Dans sa décision du 15 mai 2007 le Conseil arbitral, pour se prononcer sur la recevabilité de la demande de S., a analysé si les conséquences invoquées par l'assuré étaient en relation causale avec l'accident du travail survenu en 1985 et il est arrivé à la conclusion qu'il existe une très forte probabilité que l'électrocution accidentelle de 1985 est un facteur causal déterminant dans la survenue de la maladie parkinsonienne dont l'assuré est atteint.

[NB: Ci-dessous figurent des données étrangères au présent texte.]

Lemma fsum_ext L A B : (forall i, List.In i L -> A i =f= B i) -> fsum L A =f= fsum L B.
Proof.
elim: L => //= i L IH H. rewrite H; last by left.
by rewrite IH // => j Hj; apply: H; right.
Qed.
Lemma fsum0 L A : (forall i, List.In i L -> A i =f= fzero) -> fsum L A =f= fzero.
Proof.
move=> H. rewrite (fsum_ext H). clear H. elim: L => //= i L IH. by rewrite IH fc_add0.
Qed.
Lemma fsumD L A B : fsum L (fun i => fadd (A i) (B i)) =f= fadd (fsum L A) (fsum L B).
Proof.
elim: L => /= [|i L IH]; first by rewrite fc_add0.
rewrite IH -!fc_addA. apply: fc_add => //. rewrite !fc_addA.
apply: fc_add => //. exact: fc_addC.
Qed.
Lemma fsumZ L r A : fsum L (fun i => fscale r (A i)) =f= fscale r (fsum L A).
Proof.
elim: L => /= [|i L IH]; first by rewrite fscale_zero.
by rewrite IH fc_scaleDr.
Qed.
Lemma fsum_mull L A b : fmul (fsum L A) b =f= fsum L (fun i => fmul (A i) b).
Proof.
elim: L => /= [|i L IH]; first exact: fmul0l.
by rewrite fc_mulDl IH.
Qed.
Lemma fsum_single L A i0 : List.NoDup L -> List.In i0 L ->
  (forall i, List.In i L -> i <> i0 -> A i =f= fzero) -> fsum L A =f= A i0.
Proof.
elim: L => //= i L IH Hn Hin H. inversion Hn; subst.
case: Hin => [E|Hin].
  subst i. rewrite fsum0 ?fadd0 // => j Hj. apply: H; first by right.
  by move=> E; subst.
rewrite H; first by rewrite fc_add0 IH // => j Hj; apply: H; right.
- by left.
- by move=> E; subst.
Qed.

End PresentedAlgebra.

(** * Formal linear combinations *)

Section Combinations.
Variables (R : comPzRingType) (S : Type).

(* Finite formal R-linear combinations of elements of S, compared through
   their coefficient functions. *)
Definition comb := seq (R * S).
Implicit Types (F H : comb) (A B : S -> comb).

Definition coef F (y : S) : R :=
  foldr (fun p acc => (if dec (p.2 = y) then p.1 else 0) + acc) 0 F.
Definition scalec (r : R) F : comb := map (fun p => (r * p.1, p.2)) F.
Definition lin A F : comb := flatten (map (fun p => scalec p.1 (A p.2)) F).
Definition ceq F H := forall y, coef F y = coef H y.
Definition lsum F (t : S -> R) : R := foldr (fun p acc => p.1 * t p.2 + acc) 0 F.

Lemma coef_cat F H y : coef (F ++ H) y = coef F y + coef H y.
Proof. by elim: F => /= [|p F IH]; rewrite ?add0r // IH addrA. Qed.
Lemma coef_scalec r F y : coef (scalec r F) y = r * coef F y.
Proof.
elim: F => /= [|p F IH]; first by rewrite mulr0.
by rewrite IH mulrDr; case: decP => _; rewrite ?mulr0.
Qed.
Lemma lin_cat A F H : lin A (F ++ H) = lin A F ++ lin A H.
Proof. by rewrite /lin map_cat flatten_cat. Qed.
Lemma lin_cons A r x F : lin A ((r, x) :: F) = scalec r (A x) ++ lin A F.
Proof. by []. Qed.
Lemma lin_nil A : lin A [::] = [::]. Proof. by []. Qed.
Lemma lin0 F : lin (fun _ => [::]) F = [::].
Proof. by elim: F. Qed.
Lemma coef_lin A F y : coef (lin A F) y = lsum F (fun x => coef (A x) y).
Proof. elim: F => //= [[r x] F IH]. by rewrite lin_cons coef_cat coef_scalec IH. Qed.
Lemma coef_notin F z : (forall p, List.In p F -> p.2 <> z) -> coef F z = 0.
Proof.
elim: F => //= p F IH H. rewrite decF; first by rewrite add0r IH // => q Hq; apply: H; right.
by apply: H; left.
Qed.

Lemma ceq_sym F H : ceq F H -> ceq H F. Proof. by move=> E y. Qed.
Lemma ceq_trans F H K : ceq F H -> ceq H K -> ceq F K.
Proof. by move=> E1 E2 y; rewrite E1. Qed.
Lemma ceq_cat F F' H H' : ceq F F' -> ceq H H' -> ceq (F ++ H) (F' ++ H').
Proof. by move=> E1 E2 y; rewrite !coef_cat E1 E2. Qed.
Lemma ceq_scalec r F F' : ceq F F' -> ceq (scalec r F) (scalec r F').
Proof. by move=> E y; rewrite !coef_scalec E. Qed.

Definition ssum (I : Type) (s : seq I) (f : I -> R) : R := foldr (fun x acc => f x + acc) 0 s.
Lemma ssumD (I : Type) (s : seq I) f g : ssum s (fun x => f x + g x) = ssum s f + ssum s g.
Proof. elim: s => /= [|x s IH]; first by rewrite addr0. rewrite IH. ring. Qed.
Lemma ssum_single (I : Type) (s : seq I) (t : I -> R) i0 : List.NoDup s -> List.In i0 s ->
  (forall i, List.In i s -> i <> i0 -> t i = 0) -> ssum s t = t i0.
Proof.
elim: s => //= i s IH Hn Hin H. inversion Hn; subst.
case: Hin => [E|Hin]; last by rewrite H ?add0r ?IH //; [move=> j Hj; apply: H; right|left|move=> E; subst].
subst i. rewrite (_ : ssum s t = 0) ?addr0 //.
elim: s {IH Hn H3} H2 H => //= j s IHs Hj H. rewrite H; last 2 first.
- by right; left.
- by move=> E; apply: Hj; left.
rewrite add0r IHs //; first by move=> Hj'; apply: Hj; right.
move=> k Hk; apply: H. by case: Hk => [->|Hk]; [left|right; right].
Qed.
Lemma ssum_delta s x0 (t : S -> R) : List.NoDup s ->
  ssum s (fun x => if dec (x0 = x) then t x else 0) = if dec (List.In x0 s) then t x0 else 0.
Proof.
move=> Hn; case: (decP (List.In x0 s)) => Hin.
  by rewrite (ssum_single Hn Hin) ?decT // => x _ Hx; rewrite decF // => E; apply: Hx.
elim: s Hn Hin => //= x s IH Hn Hin. inversion Hn; subst.
rewrite decF; first by rewrite add0r IH // => H; apply: Hin; right.
by move=> E; apply: Hin; left.
Qed.
Lemma lsum_supp F t s : List.NoDup s -> (forall p, List.In p F -> List.In p.2 s) ->
  lsum F t = ssum s (fun x => coef F x * t x).
Proof.
move=> Hn; elim: F => /= [|[r x0] F IH] HF.
  by clear HF Hn; elim: s => //= x s IH; rewrite mul0r add0r.
rewrite IH; last by move=> p Hp; apply: HF; right.
have -> : (fun x => ((if dec (x0 = x) then r else 0) + coef F x) * t x) =
  (fun x => (if dec (x0 = x) then r * t x else 0) + coef F x * t x).
  by apply: functional_extensionality => x; rewrite mulrDl; case: decP; rewrite ?mul0r.
rewrite ssumD ssum_delta // decT //. by have := HF (r, x0); apply; left.
Qed.
Lemma lsum_ceq F H t : ceq F H -> lsum F t = lsum H t.
Proof.
move=> E. pose s := nodupP (map snd (F ++ H)).
have Hs : forall p, List.In p (F ++ H) -> List.In p.2 s.
  by move=> p Hp; rewrite nodupP_In; apply: List.in_map.
rewrite (@lsum_supp F t s (NoDup_nodupP _)); last first.
  by move=> p Hp; apply: Hs; apply: List.in_or_app; left.
rewrite (@lsum_supp H t s (NoDup_nodupP _)); last first.
  by move=> p Hp; apply: Hs; apply: List.in_or_app; right.
by congr ssum; apply: functional_extensionality => x; rewrite E.
Qed.

Lemma ceq_lin A F H : ceq F H -> ceq (lin A F) (lin A H).
Proof. by move=> E y; rewrite !coef_lin; apply: lsum_ceq. Qed.
Lemma lin_ext A B F : (forall x, ceq (A x) (B x)) -> ceq (lin A F) (lin B F).
Proof. move=> E y; rewrite !coef_lin. elim: F => //= p F IH. by rewrite IH E. Qed.
Lemma lin_scalec A r F : ceq (lin A (scalec r F)) (scalec r (lin A F)).
Proof.
move=> y; rewrite coef_scalec !coef_lin. elim: F => /= [|p F IH]; first by rewrite mulr0.
rewrite IH. ring.
Qed.
Lemma lin_lin A B F : ceq (lin A (lin B F)) (lin (fun x => lin A (B x)) F).
Proof.
elim: F => //= [[r x] F IH]. rewrite !lin_cons lin_cat.
apply: ceq_cat => //. exact: lin_scalec.
Qed.
Lemma lin_single A r x : ceq (lin A [:: (r, x)]) (scalec r (A x)).
Proof. by move=> y; rewrite lin_cons coef_cat /= addr0. Qed.
Lemma lin_single1 A x : ceq (lin A [:: (1, x)]) (A x).
Proof. by move=> y; rewrite lin_single coef_scalec mul1r. Qed.
Lemma lin_unit F : ceq (lin (fun x => [:: (1, x)]) F) F.
Proof. elim: F => //= [[r x] F IH] y. by rewrite lin_cons coef_cat IH /= mulr1 addr0. Qed.
Lemma lin_id_on A F : (forall p, List.In p F -> A p.2 = [:: (1, p.2)]) -> ceq (lin A F) F.
Proof.
elim: F => //= [[r x] F IH] H y. rewrite lin_cons coef_cat IH; last by move=> p Hp; apply: H; right.
by rewrite (H (r, x)) /=; [rewrite mulr1 addr0|left].
Qed.
Lemma lin_kill A F : (forall p, List.In p F -> A p.2 = [::]) -> lin A F = [::].
Proof.
elim: F => //= p F IH H. rewrite /lin /= H ?[in X in X ++ _]/= ; last by left.
by apply: IH => q Hq; apply: H; right.
Qed.
Lemma lin_add A B F : ceq (lin (fun y => A y ++ B y) F) (lin A F ++ lin B F).
Proof.
move=> y; rewrite coef_cat !coef_lin. elim: F => /= [|p F IH]; first by rewrite addr0.
rewrite IH coef_cat. ring.
Qed.
Lemma lin_scalel A r F : ceq (lin (fun y => scalec r (A y)) F) (scalec r (lin A F)).
Proof.
move=> y; rewrite coef_scalec !coef_lin. elim: F => /= [|p F IH]; first by rewrite mulr0.
rewrite IH coef_scalec. ring.
Qed.
Lemma in_lin A F p : List.In p (lin A F) ->
  exists q p', [/\ List.In q F, List.In p' (A q.2) & p = (q.1 * p'.1, p'.2)].
Proof.
elim: F => //= [[r x] F IH]. rewrite lin_cons => Hp. case: (List.in_app_or _ _ _ Hp) => H.
  case: (proj1 (List.in_map_iff _ _ _) H) => p' [<- Hp']. by exists (r, x), p'; split => //; left.
case: (IH H) => q' [p' [H1 H2 H3]]. by exists q', p'; split => //; right.
Qed.
Lemma in_Zrange n k : In k (Zrange n) <-> 0 <= k < n.
Proof.
  unfold Zrange; rewrite in_map_iff; split.
  - intros [m [<- Hm]]; apply in_seq in Hm; lia.
  - intros Hk; exists (Z.to_nat k); rewrite in_seq; split; lia.
Qed.

Lemma Zrange_NoDup n : NoDup (Zrange n).
Proof. apply Injective_map_NoDup; [intros x y; lia | apply seq_NoDup]. Qed.

Definition ei_box (n g : Z) : list EI :=
  map (fun k => mkEI (k mod n) (k / n)) (Zrange (n * g)).

Lemma in_ei_box n g t : 0 < n -> In t (ei_box n g) <-> 0 <= re t < n /\ 0 <= im t < g.
Proof.
  intros Hn; unfold ei_box; rewrite in_map_iff; split.
  - intros [k [<- Hk]]; apply in_Zrange in Hk; cbn [re im].
    split; [apply Z.mod_pos_bound; lia|].
    split; [apply Z.div_pos | apply Z.div_lt_upper_bound]; lia.
  - destruct t as [i j]; cbn [re im]; intros [Hi Hj].
    exists (i + n * j); rewrite in_Zrange; split; [|nia].
    f_equal; [symmetry; apply (Z.mod_unique _ _ j) | symmetry; apply (Z.div_unique _ _ _ i)]; lia.
Qed.

Lemma ei_box_NoDup n g : 0 < n -> NoDup (ei_box n g).
Proof.
  intros Hn; apply Injective_map_NoDup; [|apply Zrange_NoDup].
  intros k k' E; injection E as Emod Ediv.
  rewrite (Z.div_mod k n), (Z.div_mod k' n) by lia; congruence.
Qed.

Lemma length_ei_box n g : length (ei_box n g) = Z.to_nat (n * g).
Proof. unfold ei_box, Zrange; now rewrite length_map, length_map, length_seq. Qed.

Lemma Z_divide_small m x : (m | x) -> Z.abs x < Z.abs m -> x = 0.
Proof.
  intros Hdvd Hx; destruct (Z.eq_dec x 0) as [|Hx0]; [assumption|].
  pose proof (Zdivide_bounds m x Hdvd Hx0); lia.
Qed.

(* The box is a transversal of (beta) as soon as (beta), viewed as a lattice in Z^2, has
   the Hermite basis (n, 0), (e, g). *)
Section Transversal.
Variables (beta : EI) (n g e : Z).
Hypothesis n_gt0 : 0 < n.
Hypothesis g_gt0 : 0 < g.
Hypothesis dvd_n : ei_dvd beta (mkEI n 0).
Hypothesis dvd_eg : ei_dvd beta (mkEI e g).
Hypothesis dvd_im : forall x, ei_dvd beta x -> (g | im x).
Hypothesis dvd_re : forall X, ei_dvd beta (mkEI X 0) -> (n | X).

Lemma ei_box_complete s : exists t, In t (ei_box n g) /\ ei_cong beta s t.
Proof.
  destruct s as [x y].
  set (q := y / g); set (j := y mod g).
  set (p := (x - q * e) / n); set (i := (x - q * e) mod n).
  exists (mkEI i j); split.
  - apply in_ei_box; cbn [re im]; [lia|]; split; apply Z.mod_pos_bound; lia.
  - assert (Ey : y = g * q + j) by (apply Z.div_mod; lia).
    assert (Ex : x - q * e = n * p + i) by (apply Z.div_mod; lia).
    apply ei_congE.
    replace (ei_sub (mkEI x y) (mkEI i j))
      with (ei_add (ei_mul (mkEI q 0) (mkEI e g)) (ei_mul (mkEI p 0) (mkEI n 0))).
    + apply ei_dvd_add; now apply ei_dvd_mull.
    + ei_unfold; f_equal; lia.
Qed.

Lemma ei_box_distinct t t' :
  In t (ei_box n g) -> In t' (ei_box n g) -> ei_cong beta t t' -> t = t'.
Proof.
  rewrite !in_ei_box by lia; destruct t as [i j], t' as [i' j']; cbn [re im].
  intros [Hi Hj] [Hi' Hj'] Hcong; apply ei_congE in Hcong.
  assert (Ej : j - j' = 0).
  { apply (Z_divide_small g); [apply (dvd_im _ Hcong) | lia]. }
  assert (Hre : ei_dvd beta (mkEI (i - i') 0)).
  { replace (mkEI (i - i') 0) with (ei_sub (mkEI i j) (mkEI i' j')) by (ei_unfold; f_equal; lia).
    exact Hcong. }
  assert (Ei : i - i' = 0) by (apply (Z_divide_small n); [apply dvd_re, Hre | lia]).
  f_equal; lia.
Qed.

End Transversal.

Definition ei_gcd (a : EI) : Z := Z.gcd (re a) (im a).

(* The least positive rational integer in the ideal (a). *)
Definition ei_least_int (a : EI) : Z := ei_norm a / ei_gcd a.

Section HermiteBasis.
Variable beta : EI.
Hypothesis beta_neq0 : beta <> ei_zero.

Lemma ei_gcd_gt0 : 0 < ei_gcd beta.
Proof.
  unfold ei_gcd; pose proof (Z.gcd_nonneg (re beta) (im beta)).
  destruct (Z.eq_dec (Z.gcd (re beta) (im beta)) 0) as [E|E]; [|lia].
  apply Z.gcd_eq_0 in E; destruct beta as [x y]; cbn [re im] in E.
  destruct E; subst; contradiction.
Qed.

Toutes les conditions de recevabilité étant remplies, il a renvoyé l'affaire devant l'organe compétent de l'Association d'assurance contre les accidents pour y voir statuer sur les prestations devant revenir au requérant.

C'est à bon droit et par des motifs que le Conseil supérieur des assurances sociales adopte que les premiers juges se sont basés sur l'autorité de chose jugée attachée au jugement du Conseil arbitral du 15 mai 2007 pour réformer la décision de refus de l'administration d'allouer une rente accident à l'assuré et dire que le requérant a droit à la rente plénière à partir de la date de la demande de prise en charge présentée le 30 novembre 2005.

L'appel de l'Association d'assurance contre les accidents est partant à rejeter comme non fondé.

Par ces motifs,
le Conseil supérieur des assurances sociales,
statuant sur le rapport oral de l'assesseur-magistrat délégué et les conclusions contradictoires des parties à l'audience,
reçoit l'appel en la forme,
le déclare non fondé,
partant confirme le jugement entrepris.

La lecture du présent arrêt a été faite à l'audience publique du 8 mars 2010 par le Président du siège. Monsieur Georges Santer, en présence de Monsieur Francesco Spagnolo, secrétaire.